I'll try to patch my drawprim overhead tester to test this.
I don't expect it to be faster though. At very least it depends on the game's behavior. One of two switches that needs to be toggled to disable depth clipping is switching to POSITIONT vertices, in which case we update the projection matrix anyway.
Even if there's a minor performance advantage of depth clamping in cases where an application constantly uses POSITIONT and switches ZENABLE on an off I prefer to always use the projection matrix to have only one codepath that does this. If there's a huge difference we may think about two alternating codepaths.

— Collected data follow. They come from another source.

(* For $n\ge 3$, let $\mathscr{L}_n=\langle Q,\{a,b\},\delta\rangle$ with $Q=\{0,1,\dots,n-1\}$, where $\delta(i,b)=i+1$ for $0\le i\le n-2$ and $\delta(n-1,b)=0$; $\delta(i,a)=i+1$ for $0\le i\le n-4$, $\delta(n-3,a)=n-1$, $\delta(n-2,a)=0$ and $\delta(n-1,a)=0$. Then $sc(Syn(\mathscr{L}_n))=2^n-n$.
   Context: For a DFA $\mathscr{A}=\langle Q,\Sigma,\delta\rangle$ (total transition function, extended to words), $Syn(\mathscr{A})$ is the set of words $w\in\Sigma^*$ such that $\delta(q,w)=\delta(q',w)$ for all $q,q'\in Q$. The state complexity $sc(L)$ of a regular language $L$ is the number of states of the minimal (complete) DFA recognizing $L$. *)

From mathcomp Require Import all_boot.
Set Implicit Arguments. Unset Strict Implicit. Unset Printing Implicit Defensive.

Inductive letter := La | Lb.

Section Automata.
Variable Sigma : Type.

Definition run (Q : Type) (delta : Q -> Sigma -> Q) (q : Q) (w : seq Sigma) : Q :=
  foldl delta q w.

Definition Syn (Q : Type) (delta : Q -> Sigma -> Q) : seq Sigma -> Prop :=
  fun w => forall q q' : Q, run delta q w = run delta q' w.

(* A complete DFA with m states (state set {0,...,m-1}, any finite state set
   is in bijection with such an ordinal type) recognizes L. *)
Definition recognizes (m : nat) (delta : 'I_m -> Sigma -> 'I_m) (s : 'I_m)
    (F : {set 'I_m}) (L : seq Sigma -> Prop) : Prop :=
  forall w, L w <-> run delta s w \in F.

Definition state_complexity_is (L : seq Sigma -> Prop) (k : nat) : Prop :=
  (exists (delta : 'I_k -> Sigma -> 'I_k) (s : 'I_k) (F : {set 'I_k}),
      recognizes delta s F L) /\
  (forall (m : nat) (delta : 'I_m -> Sigma -> 'I_m) (s : 'I_m) (F : {set 'I_m}),
      recognizes delta s F L -> k <= m).
End Automata.

Definition Ln_nat (n i : nat) (x : letter) : nat :=
  match x with
  | Lb => if i + 2 <= n then i.+1 else 0          (* i <= n-2 -> i+1; n-1 -> 0 *)
  | La => if i + 4 <= n then i.+1                  (* i <= n-4 -> i+1 *)
          else if i + 3 == n then n.-1             (* n-3 -> n-1 *)
          else 0                                   (* n-2, n-1 -> 0 *)
  end.

(* L_n on Q = 'I_n (the fallback of insubd is never used since Ln_nat stays < n). *)
Definition Ln_delta (n : nat) (i : 'I_n) (x : letter) : 'I_n :=
  insubd i (Ln_nat n i x).

From mathcomp Require Import all_boot zify.
Set Implicit Arguments. Unset Strict Implicit.

(** A word synchronizes a complete automaton iff it maps the whole state set
    to at most one state, so the subset automaton restricted to the sets of
    size at least 2, plus one sink for all smaller sets, recognizes Syn with
    2^n - n states.  For L_n this is optimal: [Lb] is the rotation
    i |-> i + 1 and [La^(n-1)] merges n - 2 into n - 1, so its conjugates by
    powers of [Lb] merge any j into j + 1.  Deleting states one at a time this
    way reaches every nonempty subset from Q, and for every state q some word
    sends Q \ {q} to a single state and q elsewhere, which separates any two
    distinct sets of size at least 2. *)

Lemma run_cat (Sigma Q : Type) (delta : Q -> Sigma -> Q) q u v :
  run delta q (u ++ v) = run delta (run delta q u) v.
Proof. exact: foldl_cat. Qed.

Lemma run_cons (Sigma Q : Type) (delta : Q -> Sigma -> Q) q x w :
  run delta q (x :: w) = run delta (delta q x) w.
Proof. by []. Qed.

Lemma recognizes_enum (Sigma : Type) (Q : finType) (delta : Q -> Sigma -> Q)
    (s : Q) (F : {set Q}) (L : seq Sigma -> Prop) :
    (forall w, L w <-> run delta s w \in F) ->
  exists (delta' : 'I_#|Q| -> Sigma -> 'I_#|Q|) s' F', recognizes delta' s' F' L.
Proof.
move=> rec_L; pose delta' (i : 'I_#|Q|) x := enum_rank (delta (enum_val i) x).
have run_delta' w q : run delta' (enum_rank q) w = enum_rank (run delta q w).
  by elim: w q => //= x w IHw q; rewrite /run /= /delta' enum_rankK -IHw.
exists delta', (enum_rank s), (enum_rank @: F) => w.
by rewrite run_delta' mem_imset; [apply: rec_L | apply: enum_rank_inj].
Qed.

Lemma distinguishable_card_leq (Sigma : Type) (L : seq Sigma -> Prop)
    (I : finType) (u : I -> seq Sigma) m (delta : 'I_m -> Sigma -> 'I_m) s F :
    (forall i j, i != j -> exists z, ~ (L (u i ++ z) <-> L (u j ++ z))) ->
  recognizes delta s F L -> #|I| <= m.
Proof.
move=> dist_u rec_L; rewrite -(card_ord m).
apply: (@leq_card _ _ (fun i => run delta s (u i))) => i j same_state.
apply/eqP; apply: contraT => /dist_u[z]; case.
by rewrite !rec_L !run_cat same_state.
Qed.

Section SynchronizingWords.
Variables (Sigma : Type) (T : finType) (delta : T -> Sigma -> T).

Definition run_set (S : {set T}) w := [set run delta q w | q in S].

Lemma run_set_nil S : run_set S [::] = S.
Proof. exact: imset_id. Qed.

Lemma run_set_cat S u v : run_set S (u ++ v) = run_set (run_set S u) v.
Proof. by rewrite /run_set -imset_comp; apply: eq_imset => q; rewrite /= run_cat. Qed.

Lemma Syn_run_setT w : Syn delta w <-> #|run_set setT w| <= 1.
Proof.
split=> [syn_w | /card_le1_eqP card_w q q'].
  by apply/card_le1_eqP => _ _ /imsetP[q _ ->] /imsetP[q' _ ->].
by apply: card_w; apply: imset_f.
Qed.

(** The subset automaton, with all sets of at most one state merged into [None]. *)
Definition subset_state := option {A : {set T} | 1 < #|A|}.

Definition subset_delta (t : subset_state) (x : Sigma) : subset_state :=
  if t is Some A then insub (run_set (val A) [:: x]) else None.

Lemma run_subset_delta A w :
  run subset_delta (insub A) w = insub (run_set A w).
Proof.
elim: w A => [|x w IHw] A; first by rewrite run_set_nil.
rewrite -cat1s run_cat run_set_cat -IHw; congr run.
rewrite /= /subset_delta; case: insubP => [B _ -> //| small_A].
rewrite insubN // -leqNgt (leq_trans (leq_imset_card _ _)) //.
by rewrite leqNgt.
Qed.

Lemma card_sets_gt1 : #|[pred A : {set T} | 1 < #|A|]| = 2 ^ #|T| - #|T|.+1.
Proof.
have card_small : #|[predC [pred A : {set T} | 1 < #|A|]]| = #|T|.+1.
  rewrite (@eq_card _ _ ([set A : {set T} | #|A| == 0] :|: [set A : {set T} | #|A| == 1])).
    rewrite cardsU !card_draws bin0 bin1.
    suff -> : [set A : {set T} | #|A| == 0] :&: [set A : {set T} | #|A| == 1] = set0.
      by rewrite cards0 subn0 add1n.
    by apply/setP => A; rewrite !inE; case: #|A| => [|[]].
  by move=> A; rewrite !inE /=; case: #|A| => [|[]].
have card_all : #|{set T}| = 2 ^ #|T|.
  by have := card_powerset [set: T]; rewrite powersetT !cardsT.
have := cardC [pred A : {set T} | 1 < #|A|].
by rewrite card_small card_all => <-; rewrite addnK.
Qed.

Lemma card_subset_state : #|{: subset_state}| = 2 ^ #|T| - #|T|.
Proof.
rewrite card_option card_sig card_sets_gt1.
by have := ltn_expl #|T| (isT : 1 < 2); lia.
Qed.

Lemma Syn_recognized : exists (delta' : 'I_(2 ^ #|T| - #|T|) -> Sigma -> _) s F,
  recognizes delta' s F (Syn delta).
Proof.
rewrite -card_subset_state.
apply: (@recognizes_enum _ _ subset_delta (insub setT) [set None]) => w.
rewrite run_subset_delta Syn_run_setT inE.
case: insubP => [A big_A _ | small_A]; first by rewrite leqNgt big_A.
by rewrite leqNgt small_A.
Qed.

Definition isolating q w := exists p, forall x, (run delta x w == p) = (x != q).

Lemma run_set_isolating_le1 q w (B : {set T}) :
  isolating q w -> q \notin B -> #|run_set B w| <= 1.
Proof.
move=> [p iso_w] qB; apply/card_le1_eqP => _ _ /imsetP[x xB ->] /imsetP[y yB ->].
have to_p z : z \in B -> run delta z w = p.
  by move=> zB; apply/eqP; rewrite iso_w; apply: contraNneq qB => <-.
by rewrite !to_p.
Qed.

Lemma run_set_isolating_gt1 q w (A : {set T}) :
  isolating q w -> q \in A -> 1 < #|A| -> 1 < #|run_set A w|.
Proof.
move=> [p iso_w] qA /card_gt1P[x [y [xA yA xy]]].
have [r rA rq] : exists2 r, r \in A & r != q.
  by case: (eqVneq x q) => [xq | ]; [exists y; rewrite // -xq eq_sym | exists x].
apply/card_gt1P; exists (run delta q w), (run delta r w).
split; [exact: imset_f | exact: imset_f |].
have /eqP r_p : run delta r w == p by rewrite iso_w.
by rewrite r_p iso_w eqxx.
Qed.

Lemma isolating_distinguishes (A B : {set T}) :
    (forall q, exists w, isolating q w) -> 1 < #|A| -> 1 < #|B| -> A != B ->
  exists z, ~ (#|run_set A z| <= 1 <-> #|run_set B z| <= 1).
Proof.
move=> isolate big_A big_B AB.
suff separate (X Y : {set T}) q : 1 < #|X| -> q \in X -> q \notin Y ->
    exists z, ~ (#|run_set X z| <= 1 <-> #|run_set Y z| <= 1).
  case: (boolP (A \subset B)) => [sAB | /subsetPn[q qA qB]]; last exact: separate qA qB.
  have /subsetPn[q qB qA] : ~~ (B \subset A).
    by apply: contra AB => sBA; rewrite eqEsubset sAB.
  have [z not_iff] := separate _ _ _ big_B qB qA.
  by exists z => iff_z; apply: not_iff; apply: iff_sym.
move=> big_X qX qY; have [w iso_w] := isolate q; exists w => [[_ le1_X]].
have := le1_X (run_set_isolating_le1 iso_w qY).
by rewrite leqNgt (run_set_isolating_gt1 iso_w).
Qed.

Theorem Syn_state_complexity :
    (forall A : {set T}, A != set0 -> exists w, run_set setT w = A) ->
    (forall q, exists w, isolating q w) ->
  state_complexity_is (Syn delta) (2 ^ #|T| - #|T|).
Proof.
move=> reach isolate; split; first exact: Syn_recognized.
move=> m delta' s F rec_Syn; rewrite -card_subset_state.
have syn_word : exists w, #|run_set setT w| <= 1.
  case: (pickP T) => [t _ | T0]; last by exists [::]; rewrite run_set_nil cardsT eq_card0.
  have [|w w_t] := reach [set t]; last by exists w; rewrite w_t cards1.
  by apply/set0Pn; exists t; rewrite set11.
pose word_for (t : subset_state) w :=
  if t is Some A then run_set setT w = val A else #|run_set setT w| <= 1.
have [u u_for] : exists u, forall t, word_for t (u t).
  apply: fin_all_exists => -[A|] /=; last exact: syn_word.
  by apply: reach; rewrite -card_gt0 (ltn_trans _ (valP A)).
apply: (distinguishable_card_leq (u := u) _ rec_Syn) => t1 t2 t12.
have Syn_u t z : Syn delta (u t ++ z) <-> #|run_set (run_set setT (u t)) z| <= 1.
  by rewrite Syn_run_setT run_set_cat.
move: (u_for t1) (u_for t2) t12; case: t1 => [A|]; case: t2 => [B|] //= u_A u_B AB.
- have [|z not_iff] := isolating_distinguishes isolate (valP A) (valP B).
    by apply: contraNneq AB => /val_inj ->.
  by exists z; rewrite !Syn_u u_A u_B.
- exists [::]; rewrite !Syn_u !run_set_nil u_A => -[_ /(_ u_B)].
  by rewrite leqNgt (valP A).
- exists [::]; rewrite !Syn_u !run_set_nil u_B => -[/(_ u_A)].
  by rewrite leqNgt (valP B).
Qed.

End SynchronizingWords.

Section LnArithmetic.
Variable n : nat.
Hypothesis n_ge3 : 3 <= n.

Lemma Ln_nat_lt i x : i < n -> Ln_nat n i x < n.
Proof. by case: x => /= lt_i_n; repeat case: ifP; lia. Qed.

Lemma run_Lb i k : i < n -> run (Ln_nat n) i (nseq k Lb) = (i + k) %% n.
Proof.
elim: k i => [|k IHk] i lt_i_n; first by rewrite addn0 modn_small.
have step : Ln_nat n i Lb = i.+1 %% n.
  case: (ltnP i.+1 n) => [lt_i1_n | ge_i1_n].
    by rewrite modn_small //=; case: ifP; lia.
  have -> : i.+1 = n by lia.
  by rewrite modnn /=; case: ifP; lia.
by rewrite run_cons step IHk ?ltn_pmod ?modnDml ?addSnnS //; lia.
Qed.

(** [La] permutes the states other than [n - 2] cyclically, in the order
    [0, 1, ..., n - 3, n - 1]; [acycle p] is the state at position [p]. *)
Definition acycle p := if p == n.-2 then n.-1 else p.

Lemma run_La_acycle p k : p < n.-1 ->
  run (Ln_nat n) (acycle p) (nseq k La) = acycle ((p + k) %% n.-1).
Proof.
elim: k p => [|k IHk] p lt_p; first by rewrite addn0 modn_small.
have step : Ln_nat n (acycle p) La = acycle (p.+1 %% n.-1).
  case: (ltnP p.+1 n.-1) => [lt_p1 | ge_p1].
    by rewrite modn_small // /acycle /=; repeat case: ifP; lia.
  have -> : p.+1 = n.-1 by lia.
  by rewrite modnn /acycle /=; repeat case: ifP; lia.
by rewrite run_cons step IHk ?ltn_pmod ?modnDml ?addSnnS //; lia.
Qed.

Lemma run_La_cycle x : x < n ->
  run (Ln_nat n) x (nseq n.-1 La) = if x == n.-2 then n.-1 else x.
Proof.
move=> lt_x_n; case: eqP => [-> | ne_x].
  have -> : nseq n.-1 La = La :: nseq n.-2 La by case: n n_ge3 => [|[]].
  rewrite run_cons.
  have -> : Ln_nat n n.-2 La = acycle 0 by rewrite /acycle /=; repeat case: ifP; lia.
  by rewrite run_La_acycle ?add0n ?modn_small /acycle ?eqxx //; lia.
have -> : x = acycle (if x == n.-1 then n.-2 else x).
  by rewrite /acycle; repeat case: ifP; lia.
rewrite run_La_acycle; last by case: ifP; lia.
by rewrite modnDr modn_small //; case: ifP; lia.
Qed.

(** [La ^ (n - 1)] merges [n - 2] into [n - 1]; conjugating it by a power of
    the rotation [Lb] merges [j] into [j + 1]. *)
Definition merge_word j := nseq (n.-2 - j) Lb ++ nseq n.-1 La ++ nseq j.+2 Lb.

Lemma run_merge_word j x : j < n.-1 -> x < n ->
  run (Ln_nat n) x (merge_word j) = if x == j then j.+1 else x.
Proof.
move=> lt_j lt_x; have n_gt0 : 0 < n by lia.
rewrite !run_cat (run_Lb _ lt_x) run_La_cycle ?ltn_pmod //.
have j_to_n2 : (j + (n.-2 - j)) %% n = n.-2 by rewrite modn_small //; lia.
case: (eqVneq x j) => [-> | ne_xj].
  rewrite j_to_n2 eqxx run_Lb; last lia.
  rewrite (_ : n.-1 + j.+2 = j.+1 + n); last lia.
  by rewrite modnDr modn_small //; lia.
have -> : ((x + (n.-2 - j)) %% n == n.-2) = false.
  apply/negbTE; rewrite -[X in _ == X]j_to_n2 eqn_modDr !modn_small //; lia.
rewrite run_Lb ?ltn_pmod // modnDml (_ : x + (n.-2 - j) + j.+2 = x + n); last lia.
by rewrite modnDr modn_small.
Qed.

Definition sweep_word k := flatten [seq merge_word j | j <- iota 0 k].

Lemma run_sweep_word k x : k <= n.-1 -> x < n ->
  run (Ln_nat n) x (sweep_word k) = maxn x k.
Proof.
elim: k => [|k IHk] le_k lt_x; first by rewrite maxn0.
rewrite /sweep_word -addn1 iotaD map_cat flatten_cat run_cat -/(sweep_word k) /= cats0.
rewrite IHk ?run_merge_word; try lia.
by case: (eqVneq (maxn x k) k); lia.
Qed.

Definition isolating_word q := nseq (n.-1 - q) Lb ++ sweep_word n.-2.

-----BEGIN PGP SIGNED MESSAGE----- Hash: SHA1
Am 2015-02-12 um 08:45 schrieb Stefan Dösinger:
Am 2015-02-11 um 23:56 schrieb Matteo Bruni:
It's probably hard to measure and not going to really matter in practice but toggling the depth clamping (where supported) might be slightly faster than updating the projection matrix.
I'll try to patch my drawprim overhead tester to test this.
Fwiw, I cannot see any performance difference between ARB_depth_clamp and the projection matrix approach in my modified test program.
What I did: Set a POSITIONT vertex
while(running) { for(i = 0; i < 1000; i++) { set_rs(ZENABLE, TRUE); draw(); set_rs(ZENABLE, FALSE); draw(); set_rs(ZENABLE, TRUE); draw(); set_rs(ZENABLE, FALSE); draw(); set_rs(ZENABLE, TRUE); draw(); set_rs(ZENABLE, FALSE); draw(); } present(); }
I.e., I hit the worst case for the new approach. With ARB_depth_clamp this test program runs at 89.5 fps, with matrices at 89.2. There seems to be a general up and down of +/- 5 fps. Interestingly windows runs this test program at 58 fps.
I tested this on Nvidia. I can also test it on r600g if desired, but I don't really expect it to matter.